PROVIDED MATERIAL

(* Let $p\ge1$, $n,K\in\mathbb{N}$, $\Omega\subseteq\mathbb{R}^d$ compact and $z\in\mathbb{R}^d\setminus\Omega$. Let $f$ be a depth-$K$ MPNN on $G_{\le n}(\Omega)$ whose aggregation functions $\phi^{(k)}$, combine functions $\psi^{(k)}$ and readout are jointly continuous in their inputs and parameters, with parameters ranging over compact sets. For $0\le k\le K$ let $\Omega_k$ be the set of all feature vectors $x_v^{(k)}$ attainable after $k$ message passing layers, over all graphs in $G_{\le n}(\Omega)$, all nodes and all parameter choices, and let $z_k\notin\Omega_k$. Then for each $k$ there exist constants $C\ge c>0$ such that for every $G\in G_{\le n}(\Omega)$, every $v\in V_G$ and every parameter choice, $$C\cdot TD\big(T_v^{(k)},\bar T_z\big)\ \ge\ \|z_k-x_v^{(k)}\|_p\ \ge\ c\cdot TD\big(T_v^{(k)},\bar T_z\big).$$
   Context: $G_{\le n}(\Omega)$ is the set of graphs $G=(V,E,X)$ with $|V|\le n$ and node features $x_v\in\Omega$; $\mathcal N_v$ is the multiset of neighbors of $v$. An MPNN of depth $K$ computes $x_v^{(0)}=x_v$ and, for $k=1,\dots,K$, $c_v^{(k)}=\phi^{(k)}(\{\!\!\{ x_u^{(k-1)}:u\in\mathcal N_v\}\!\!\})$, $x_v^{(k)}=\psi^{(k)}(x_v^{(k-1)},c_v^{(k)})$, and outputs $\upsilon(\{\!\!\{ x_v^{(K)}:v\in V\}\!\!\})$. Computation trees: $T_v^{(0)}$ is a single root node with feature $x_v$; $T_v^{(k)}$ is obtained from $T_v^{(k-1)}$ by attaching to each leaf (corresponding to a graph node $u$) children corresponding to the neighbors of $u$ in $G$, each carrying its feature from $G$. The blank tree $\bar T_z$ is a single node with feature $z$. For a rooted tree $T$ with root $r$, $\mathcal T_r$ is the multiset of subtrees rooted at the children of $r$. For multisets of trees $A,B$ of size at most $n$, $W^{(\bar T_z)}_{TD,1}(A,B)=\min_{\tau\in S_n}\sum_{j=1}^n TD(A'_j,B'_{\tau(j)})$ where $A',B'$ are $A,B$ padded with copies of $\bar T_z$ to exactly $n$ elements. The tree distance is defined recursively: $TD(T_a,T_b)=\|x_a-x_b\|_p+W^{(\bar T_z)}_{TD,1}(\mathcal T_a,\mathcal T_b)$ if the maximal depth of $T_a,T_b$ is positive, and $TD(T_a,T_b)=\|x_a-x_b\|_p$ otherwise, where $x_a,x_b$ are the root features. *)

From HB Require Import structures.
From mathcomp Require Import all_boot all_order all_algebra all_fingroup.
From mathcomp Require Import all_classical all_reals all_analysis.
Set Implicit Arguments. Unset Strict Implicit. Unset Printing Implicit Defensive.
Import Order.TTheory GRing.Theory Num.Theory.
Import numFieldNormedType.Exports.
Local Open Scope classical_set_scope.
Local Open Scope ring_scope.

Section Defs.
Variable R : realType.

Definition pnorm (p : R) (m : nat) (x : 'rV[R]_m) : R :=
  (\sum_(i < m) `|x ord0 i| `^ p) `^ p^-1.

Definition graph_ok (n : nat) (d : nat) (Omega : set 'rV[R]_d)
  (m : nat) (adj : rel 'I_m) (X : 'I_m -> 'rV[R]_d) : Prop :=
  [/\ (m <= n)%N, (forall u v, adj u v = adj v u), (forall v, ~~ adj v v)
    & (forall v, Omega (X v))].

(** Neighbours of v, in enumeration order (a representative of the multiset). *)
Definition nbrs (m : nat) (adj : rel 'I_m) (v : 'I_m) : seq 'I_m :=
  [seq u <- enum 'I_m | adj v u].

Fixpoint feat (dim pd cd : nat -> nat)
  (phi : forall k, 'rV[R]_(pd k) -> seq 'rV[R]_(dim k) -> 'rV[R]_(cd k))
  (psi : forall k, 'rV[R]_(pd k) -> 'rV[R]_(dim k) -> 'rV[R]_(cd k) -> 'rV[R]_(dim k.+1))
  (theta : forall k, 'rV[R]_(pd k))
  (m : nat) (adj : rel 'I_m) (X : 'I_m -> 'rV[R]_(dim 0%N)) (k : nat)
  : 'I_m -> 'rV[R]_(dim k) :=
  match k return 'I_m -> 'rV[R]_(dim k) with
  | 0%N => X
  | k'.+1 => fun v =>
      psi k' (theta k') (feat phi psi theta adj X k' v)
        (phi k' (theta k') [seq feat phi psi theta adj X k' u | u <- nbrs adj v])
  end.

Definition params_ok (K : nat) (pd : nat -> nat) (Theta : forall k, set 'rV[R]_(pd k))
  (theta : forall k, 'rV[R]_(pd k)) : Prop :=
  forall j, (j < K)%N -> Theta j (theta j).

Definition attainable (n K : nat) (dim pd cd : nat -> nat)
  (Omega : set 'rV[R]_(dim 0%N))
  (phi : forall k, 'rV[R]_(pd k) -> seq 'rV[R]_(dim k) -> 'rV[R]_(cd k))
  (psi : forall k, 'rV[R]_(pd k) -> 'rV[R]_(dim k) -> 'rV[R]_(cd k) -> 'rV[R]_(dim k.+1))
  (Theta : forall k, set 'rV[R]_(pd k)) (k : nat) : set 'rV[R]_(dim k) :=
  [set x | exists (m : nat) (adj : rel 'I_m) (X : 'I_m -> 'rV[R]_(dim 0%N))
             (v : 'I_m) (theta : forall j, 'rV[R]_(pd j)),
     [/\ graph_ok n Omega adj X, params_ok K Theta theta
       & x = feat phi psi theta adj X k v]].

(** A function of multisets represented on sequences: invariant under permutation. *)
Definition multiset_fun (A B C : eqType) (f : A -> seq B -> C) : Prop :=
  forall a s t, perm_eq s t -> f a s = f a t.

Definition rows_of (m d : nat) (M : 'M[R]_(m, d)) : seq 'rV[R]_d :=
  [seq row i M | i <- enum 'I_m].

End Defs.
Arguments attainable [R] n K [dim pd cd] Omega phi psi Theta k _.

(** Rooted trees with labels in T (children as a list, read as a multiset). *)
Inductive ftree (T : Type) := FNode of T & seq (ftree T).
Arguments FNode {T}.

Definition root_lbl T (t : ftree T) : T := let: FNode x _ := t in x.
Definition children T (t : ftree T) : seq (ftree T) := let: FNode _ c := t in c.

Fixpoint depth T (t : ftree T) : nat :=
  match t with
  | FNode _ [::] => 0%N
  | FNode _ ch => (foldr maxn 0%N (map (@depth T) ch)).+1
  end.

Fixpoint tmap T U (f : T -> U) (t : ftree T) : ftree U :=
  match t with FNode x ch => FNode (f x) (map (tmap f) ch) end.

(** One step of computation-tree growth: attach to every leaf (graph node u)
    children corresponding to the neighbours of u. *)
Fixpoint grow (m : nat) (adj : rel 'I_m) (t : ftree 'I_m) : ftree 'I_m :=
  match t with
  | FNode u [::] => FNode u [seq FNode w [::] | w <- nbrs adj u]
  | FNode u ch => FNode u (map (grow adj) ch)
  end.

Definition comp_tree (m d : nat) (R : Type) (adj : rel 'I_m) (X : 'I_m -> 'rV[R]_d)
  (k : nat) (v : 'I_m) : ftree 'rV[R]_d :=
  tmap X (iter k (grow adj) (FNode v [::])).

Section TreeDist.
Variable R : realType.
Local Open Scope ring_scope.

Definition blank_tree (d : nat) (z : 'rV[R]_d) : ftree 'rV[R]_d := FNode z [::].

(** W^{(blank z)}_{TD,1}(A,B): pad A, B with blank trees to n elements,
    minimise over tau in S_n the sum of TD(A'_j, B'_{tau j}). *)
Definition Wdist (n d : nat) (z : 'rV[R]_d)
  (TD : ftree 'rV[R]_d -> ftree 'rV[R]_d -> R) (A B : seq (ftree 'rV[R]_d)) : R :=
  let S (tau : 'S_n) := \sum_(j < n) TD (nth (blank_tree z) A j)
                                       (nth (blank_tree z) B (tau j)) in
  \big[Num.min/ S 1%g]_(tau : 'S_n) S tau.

* * *

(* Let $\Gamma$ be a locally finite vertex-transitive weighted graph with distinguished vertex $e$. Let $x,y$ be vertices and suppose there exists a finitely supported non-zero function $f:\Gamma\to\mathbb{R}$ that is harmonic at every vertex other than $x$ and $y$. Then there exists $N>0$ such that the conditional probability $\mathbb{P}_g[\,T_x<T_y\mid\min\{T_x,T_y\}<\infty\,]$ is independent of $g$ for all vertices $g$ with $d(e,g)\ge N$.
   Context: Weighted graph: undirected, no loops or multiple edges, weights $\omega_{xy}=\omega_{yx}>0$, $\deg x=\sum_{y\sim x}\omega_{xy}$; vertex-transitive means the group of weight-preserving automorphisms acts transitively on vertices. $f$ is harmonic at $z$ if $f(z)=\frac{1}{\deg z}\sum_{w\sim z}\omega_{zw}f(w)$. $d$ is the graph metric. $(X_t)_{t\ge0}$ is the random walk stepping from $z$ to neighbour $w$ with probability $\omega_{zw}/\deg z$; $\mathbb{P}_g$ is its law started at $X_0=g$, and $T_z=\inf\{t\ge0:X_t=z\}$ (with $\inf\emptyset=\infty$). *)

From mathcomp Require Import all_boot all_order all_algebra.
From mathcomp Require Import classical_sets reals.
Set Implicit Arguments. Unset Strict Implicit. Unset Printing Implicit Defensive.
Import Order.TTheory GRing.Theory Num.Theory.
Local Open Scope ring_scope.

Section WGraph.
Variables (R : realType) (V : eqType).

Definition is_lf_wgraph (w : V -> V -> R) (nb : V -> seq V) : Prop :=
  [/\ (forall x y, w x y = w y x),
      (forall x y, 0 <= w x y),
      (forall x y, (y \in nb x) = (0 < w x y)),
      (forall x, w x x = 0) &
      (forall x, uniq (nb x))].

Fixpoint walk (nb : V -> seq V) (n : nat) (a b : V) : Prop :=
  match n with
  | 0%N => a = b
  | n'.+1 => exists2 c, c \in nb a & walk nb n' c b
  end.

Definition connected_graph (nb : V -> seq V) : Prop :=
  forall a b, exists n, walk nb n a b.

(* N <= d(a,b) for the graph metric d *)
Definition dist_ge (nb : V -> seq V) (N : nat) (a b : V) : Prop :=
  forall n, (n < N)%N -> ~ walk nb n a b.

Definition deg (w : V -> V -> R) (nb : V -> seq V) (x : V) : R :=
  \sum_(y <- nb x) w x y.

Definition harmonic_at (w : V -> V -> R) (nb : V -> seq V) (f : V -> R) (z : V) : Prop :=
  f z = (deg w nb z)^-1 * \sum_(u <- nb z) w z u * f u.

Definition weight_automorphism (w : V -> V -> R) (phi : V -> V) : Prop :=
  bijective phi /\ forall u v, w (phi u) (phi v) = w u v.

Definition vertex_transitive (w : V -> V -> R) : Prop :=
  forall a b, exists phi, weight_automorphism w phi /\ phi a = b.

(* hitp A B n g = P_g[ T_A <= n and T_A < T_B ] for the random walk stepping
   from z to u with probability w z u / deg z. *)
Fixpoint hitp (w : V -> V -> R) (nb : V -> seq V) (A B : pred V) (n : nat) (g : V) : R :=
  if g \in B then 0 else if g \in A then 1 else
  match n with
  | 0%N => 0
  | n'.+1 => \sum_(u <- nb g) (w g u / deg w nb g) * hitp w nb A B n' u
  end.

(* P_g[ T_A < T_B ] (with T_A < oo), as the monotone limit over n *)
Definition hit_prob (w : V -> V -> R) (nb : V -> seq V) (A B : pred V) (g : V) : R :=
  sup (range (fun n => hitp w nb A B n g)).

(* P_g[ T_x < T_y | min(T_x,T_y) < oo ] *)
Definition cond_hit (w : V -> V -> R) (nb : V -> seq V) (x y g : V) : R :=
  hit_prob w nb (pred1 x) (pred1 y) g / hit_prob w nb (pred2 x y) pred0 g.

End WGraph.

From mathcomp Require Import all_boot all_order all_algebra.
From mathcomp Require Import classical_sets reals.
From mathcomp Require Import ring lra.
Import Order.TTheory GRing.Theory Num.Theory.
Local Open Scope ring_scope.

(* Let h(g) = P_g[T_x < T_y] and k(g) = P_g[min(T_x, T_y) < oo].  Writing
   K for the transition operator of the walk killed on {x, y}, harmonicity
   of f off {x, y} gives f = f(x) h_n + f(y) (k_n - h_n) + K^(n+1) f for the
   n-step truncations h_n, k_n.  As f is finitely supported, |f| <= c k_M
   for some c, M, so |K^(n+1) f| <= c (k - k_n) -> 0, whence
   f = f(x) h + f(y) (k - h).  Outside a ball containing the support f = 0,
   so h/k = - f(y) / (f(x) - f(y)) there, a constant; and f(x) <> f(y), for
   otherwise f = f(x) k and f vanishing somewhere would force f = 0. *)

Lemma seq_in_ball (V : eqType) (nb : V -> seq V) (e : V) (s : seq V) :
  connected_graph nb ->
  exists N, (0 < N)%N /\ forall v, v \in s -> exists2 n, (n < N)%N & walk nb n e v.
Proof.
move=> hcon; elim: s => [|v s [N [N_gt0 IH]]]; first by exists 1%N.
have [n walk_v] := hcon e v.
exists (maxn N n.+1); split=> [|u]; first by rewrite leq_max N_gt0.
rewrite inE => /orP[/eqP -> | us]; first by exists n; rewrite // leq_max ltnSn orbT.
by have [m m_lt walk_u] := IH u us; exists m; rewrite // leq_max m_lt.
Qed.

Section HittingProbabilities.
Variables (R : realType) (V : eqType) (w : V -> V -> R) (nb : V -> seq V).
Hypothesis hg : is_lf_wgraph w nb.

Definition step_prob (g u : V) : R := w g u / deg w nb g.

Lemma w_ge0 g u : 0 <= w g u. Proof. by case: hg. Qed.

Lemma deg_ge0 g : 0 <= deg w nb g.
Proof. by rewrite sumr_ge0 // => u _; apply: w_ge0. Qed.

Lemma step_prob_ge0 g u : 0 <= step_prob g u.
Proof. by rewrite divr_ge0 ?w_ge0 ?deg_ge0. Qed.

--

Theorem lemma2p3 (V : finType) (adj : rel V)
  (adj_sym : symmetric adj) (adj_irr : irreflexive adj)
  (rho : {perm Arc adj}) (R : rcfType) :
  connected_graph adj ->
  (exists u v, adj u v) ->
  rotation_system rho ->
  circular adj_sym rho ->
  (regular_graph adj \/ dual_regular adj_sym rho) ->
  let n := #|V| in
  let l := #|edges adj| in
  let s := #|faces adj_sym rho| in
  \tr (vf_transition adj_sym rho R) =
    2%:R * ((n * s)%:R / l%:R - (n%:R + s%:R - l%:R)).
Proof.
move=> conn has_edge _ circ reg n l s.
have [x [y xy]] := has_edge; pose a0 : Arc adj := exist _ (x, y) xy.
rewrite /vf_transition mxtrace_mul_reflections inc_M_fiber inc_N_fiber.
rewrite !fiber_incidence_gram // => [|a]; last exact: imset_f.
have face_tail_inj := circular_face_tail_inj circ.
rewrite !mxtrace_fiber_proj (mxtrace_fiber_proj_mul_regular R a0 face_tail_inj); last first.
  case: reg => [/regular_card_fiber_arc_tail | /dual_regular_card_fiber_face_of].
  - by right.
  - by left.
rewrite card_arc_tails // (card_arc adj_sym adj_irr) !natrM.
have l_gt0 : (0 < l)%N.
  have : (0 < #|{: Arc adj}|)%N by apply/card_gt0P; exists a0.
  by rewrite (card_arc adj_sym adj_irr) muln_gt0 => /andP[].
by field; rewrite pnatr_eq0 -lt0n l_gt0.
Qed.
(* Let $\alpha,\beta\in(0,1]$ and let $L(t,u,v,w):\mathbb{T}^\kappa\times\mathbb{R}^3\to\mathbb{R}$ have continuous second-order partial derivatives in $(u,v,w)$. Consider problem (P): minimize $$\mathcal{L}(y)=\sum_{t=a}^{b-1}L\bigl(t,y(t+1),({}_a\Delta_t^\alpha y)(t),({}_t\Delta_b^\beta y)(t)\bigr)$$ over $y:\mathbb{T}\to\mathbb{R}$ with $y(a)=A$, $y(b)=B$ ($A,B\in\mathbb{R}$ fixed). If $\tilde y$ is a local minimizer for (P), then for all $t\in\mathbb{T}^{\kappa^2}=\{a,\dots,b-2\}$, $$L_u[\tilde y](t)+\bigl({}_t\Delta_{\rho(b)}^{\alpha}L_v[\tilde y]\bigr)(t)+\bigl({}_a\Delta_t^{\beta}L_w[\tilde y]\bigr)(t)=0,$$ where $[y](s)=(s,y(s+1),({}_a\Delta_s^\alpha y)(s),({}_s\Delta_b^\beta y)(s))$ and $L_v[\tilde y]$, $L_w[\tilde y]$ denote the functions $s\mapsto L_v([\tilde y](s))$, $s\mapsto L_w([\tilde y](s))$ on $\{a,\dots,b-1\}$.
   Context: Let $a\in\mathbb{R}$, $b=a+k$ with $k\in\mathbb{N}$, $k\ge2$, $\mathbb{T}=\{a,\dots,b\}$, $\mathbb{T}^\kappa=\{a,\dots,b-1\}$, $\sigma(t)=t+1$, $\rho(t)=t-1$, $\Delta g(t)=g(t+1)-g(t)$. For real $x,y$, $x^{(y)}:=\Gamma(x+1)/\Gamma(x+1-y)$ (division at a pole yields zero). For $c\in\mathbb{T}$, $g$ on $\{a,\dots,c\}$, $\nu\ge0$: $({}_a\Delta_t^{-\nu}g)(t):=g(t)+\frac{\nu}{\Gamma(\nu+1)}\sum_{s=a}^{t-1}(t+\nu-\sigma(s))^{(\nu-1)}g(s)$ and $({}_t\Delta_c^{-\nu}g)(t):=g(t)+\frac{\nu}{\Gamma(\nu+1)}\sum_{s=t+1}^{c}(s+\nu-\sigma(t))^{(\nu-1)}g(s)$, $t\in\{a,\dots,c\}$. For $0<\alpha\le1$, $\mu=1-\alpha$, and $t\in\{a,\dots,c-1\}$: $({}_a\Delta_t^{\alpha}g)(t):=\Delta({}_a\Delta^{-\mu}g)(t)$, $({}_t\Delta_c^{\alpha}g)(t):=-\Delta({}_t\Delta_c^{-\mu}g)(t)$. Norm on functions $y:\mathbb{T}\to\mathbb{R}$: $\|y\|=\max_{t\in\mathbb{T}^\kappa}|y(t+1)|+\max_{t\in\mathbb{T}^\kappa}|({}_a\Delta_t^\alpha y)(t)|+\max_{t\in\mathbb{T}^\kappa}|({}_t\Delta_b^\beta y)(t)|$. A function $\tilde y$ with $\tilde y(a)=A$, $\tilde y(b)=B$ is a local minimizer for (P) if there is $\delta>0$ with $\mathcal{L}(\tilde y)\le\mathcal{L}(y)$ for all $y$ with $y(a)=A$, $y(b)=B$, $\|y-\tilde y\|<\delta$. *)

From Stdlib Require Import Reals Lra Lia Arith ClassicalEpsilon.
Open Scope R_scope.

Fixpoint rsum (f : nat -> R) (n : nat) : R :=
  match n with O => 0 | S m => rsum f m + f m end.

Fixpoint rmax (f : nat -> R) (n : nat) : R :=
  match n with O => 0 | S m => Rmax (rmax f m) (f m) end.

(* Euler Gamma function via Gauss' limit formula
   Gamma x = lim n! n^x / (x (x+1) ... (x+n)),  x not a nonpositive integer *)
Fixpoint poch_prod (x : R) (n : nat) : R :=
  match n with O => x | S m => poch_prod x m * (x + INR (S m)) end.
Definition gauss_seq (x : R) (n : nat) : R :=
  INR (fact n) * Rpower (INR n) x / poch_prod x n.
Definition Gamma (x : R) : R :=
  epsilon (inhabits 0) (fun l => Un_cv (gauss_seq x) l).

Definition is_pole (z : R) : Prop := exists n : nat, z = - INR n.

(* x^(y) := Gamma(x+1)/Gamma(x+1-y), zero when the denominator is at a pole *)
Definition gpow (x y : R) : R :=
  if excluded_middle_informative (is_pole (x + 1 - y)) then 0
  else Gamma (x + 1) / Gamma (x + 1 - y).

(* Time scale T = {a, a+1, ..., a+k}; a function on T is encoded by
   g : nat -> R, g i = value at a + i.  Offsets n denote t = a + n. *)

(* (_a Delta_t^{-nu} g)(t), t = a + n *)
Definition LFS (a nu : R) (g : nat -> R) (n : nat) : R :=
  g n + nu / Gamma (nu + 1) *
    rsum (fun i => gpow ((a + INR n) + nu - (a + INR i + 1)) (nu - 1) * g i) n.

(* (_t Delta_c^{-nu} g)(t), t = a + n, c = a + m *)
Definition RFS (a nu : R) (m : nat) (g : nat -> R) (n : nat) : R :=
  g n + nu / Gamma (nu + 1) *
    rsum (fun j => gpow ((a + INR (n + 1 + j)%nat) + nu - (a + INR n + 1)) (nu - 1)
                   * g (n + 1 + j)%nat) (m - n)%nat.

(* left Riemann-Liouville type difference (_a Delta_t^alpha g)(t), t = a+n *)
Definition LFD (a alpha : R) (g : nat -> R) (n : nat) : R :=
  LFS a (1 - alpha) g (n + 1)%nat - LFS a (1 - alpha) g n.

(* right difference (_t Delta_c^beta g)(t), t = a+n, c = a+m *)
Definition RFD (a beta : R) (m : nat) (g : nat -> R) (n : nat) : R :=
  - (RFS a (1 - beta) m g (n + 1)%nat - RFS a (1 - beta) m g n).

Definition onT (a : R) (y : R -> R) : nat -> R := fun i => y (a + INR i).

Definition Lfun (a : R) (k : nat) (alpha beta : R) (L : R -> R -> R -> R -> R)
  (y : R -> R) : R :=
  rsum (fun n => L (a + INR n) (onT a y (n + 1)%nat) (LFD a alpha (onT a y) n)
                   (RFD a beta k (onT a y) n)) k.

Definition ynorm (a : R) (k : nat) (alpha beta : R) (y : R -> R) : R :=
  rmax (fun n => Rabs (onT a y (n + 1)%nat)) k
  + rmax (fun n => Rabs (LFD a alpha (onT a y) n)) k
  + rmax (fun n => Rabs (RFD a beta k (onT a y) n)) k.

WHAT NEEDS TO BE DONE
In which lines of the records does the word "left" appear? Copy each of them.

EXPECTED ANSWER
  - by left.
(* left Riemann-Liouville type difference (_a Delta_t^alpha g)(t), t = a+n *)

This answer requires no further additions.